Think your e-business is safe from an online attack? Think again. Fraud on the Internet is anywhere from 3 to 50 times larger than it is in the brick-and-mortar world.

With this in mind, Risk & Insurance talked with four hackers through separate e-mail exchanges for their insight about hacking, cracking, and e-commerce security. The hackers have chosen to remain anonymous and go by the names Sir Dystic, Samarac, Genocide, and Tazinator. They are affiliated with the online hacking community and, in the case of Genocide and Tazinator, even work in the computer security industry. Here, they offer readers an inside look at what vulnerabilities cyber-attackers target on e-business Web sites.

What makes a Web site an easy target?

Samarac: Sometimes it’s not so much the site's security or lack of security. It’s just because the person can, unfortunately. Sometimes the greater the risk, the greater the challenge, the more susceptible a site may be. It’s cyber-bungee jumping. Sometimes it’s because a company said it was impenetrable. Sort of the “forbidden fruit” concept.

Tazinator: A site is easy to get into if the system administrators are not knowledgeable in tightening security. For example, if the target machine is running Windows NT or 2000 for its operating system, an uneducated ad­ministrator may enable a guest account. This allows anyone to log into the machine and, even though it is an account that allows for minimal tasks to be per­formed, it can allow for exploits to be run remotely, thus allowing the attacker to gain administrator rights. This guest account issue is not just with Windows as it can apply to a Unix or Linux machine in similar aspects, as well. Other things that make it easy to gain access to a machine is that the system administrator may not perform routine or necessary updates to the operating system or to the applications running on the target machine. Many times companies hire administrators who only know the bare minimum. Updates and patches are things that can go overlooked or unknown for a long period of time, sometimes even until a more knowledgeable administrator or user comes along and raises the issue. In cases such as this, older, more known security holes can provide a means for an attacker to gain access.

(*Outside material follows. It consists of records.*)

Lemma step_from_catl o B Q x : step_inside o B x -> step_from o (B ++ Q) x = step_from o B x.
Proof.
case: x => j p; rewrite /step_inside /= => /andP [Hj].
rewrite /step_from (nth_levels_catl _ _ Hj).
case: ifP => _ H; first by rewrite nth_cat H.
by rewrite nth_cat; case: j H Hj => //= j _ ->.
Qed.

Fixpoint follows (f : nat * nat -> (nat * nat) * option cc) (x : nat * nat)
    (L : seq (nat * nat)) (R : seq (option cc)) : Prop :=
  match L, R with
  | [::], [::] => True
  | y :: L', r :: R' => f x = (y, r) /\ follows f y L' R'
  | _, _ => False
  end.

Lemma follows_cat f x L1 R1 L2 R2 : follows f x L1 R1 -> follows f (last x L1) L2 R2 ->
  follows f x (L1 ++ L2) (R1 ++ R2).
Proof.
elim: L1 x R1 => [|y L1 IH] x [|r R1] //= [Hx H1] H2.
by split; [|exact: IH].
Qed.

Lemma follows_split f x L1 L2 R : follows f x (L1 ++ L2) R ->
  follows f x L1 (take (size L1) R) /\ follows f (last x L1) L2 (drop (size L1) R).
Proof.
elim: L1 x R => [|y L1 IH] x R /=; first by rewrite take0 drop0.
by case: R => [|r R] //= [Hx /IH [H1 H2]].
Qed.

Sir Dystic: One of the things I see happen all the time that nobody in the corporate world has been talking about is people on relatively secure networks who have laptops that they take from work, from their secure network, and bring home and put it on their cable modem or DSL network where it sits there completely unprotected. Because the network at the corporate level is more secure, the individual machine is less likely to be secure because there's this assumption that it's on a protected, private network. Once it's on a DSL or cable modem connection, people can do whatever they want with it.

What weaknesses do you look for in a site?

Genocide: In one word, services. Anything that serves or awaits a connection on a machine is a potential vulnerability. A machine that sits there with no need for external communication is essentially secure except to physical penetrations, meaning that services or programs that are required to run externally are equivalent to doors. The hack comes from finding the key.

Another site that might be an attractive target is one that is on the same network as you are. If you are within a corporate network and all its computers are on hubs to allow them to communicate with each other, then we might run what's called a "sniffer," which allows us to peek at some of the data streams currently zipping around the network. This allows us to gain logins, passwords, e-mail - pretty much anything that is not encrypted.

Samarac: We may look for inconsistencies in checks, holes in firewalls and other network securities, back doors through programs, or simply poor programming.

Tazinator: When someone targets a server on the Web, the most common thing to do is research a bit on it before trying to gain access right away. An attacker will find out what type of operating system that machine is running, what kind of remote access privileges it is most likely to provide, if the host machine has a guest account enabled, and what the machine's role is, such as a Web server, mail server, etc. After all that is determined, an attacker will usually try to use some exploitable security hole in the operating system or application running on the targeted machine to gain root or administrator rights. Security information is readily available to the public at sites such as www.securityfocus.com and www.rootshell.com, as well as the L0pht site (www.L0pht.com).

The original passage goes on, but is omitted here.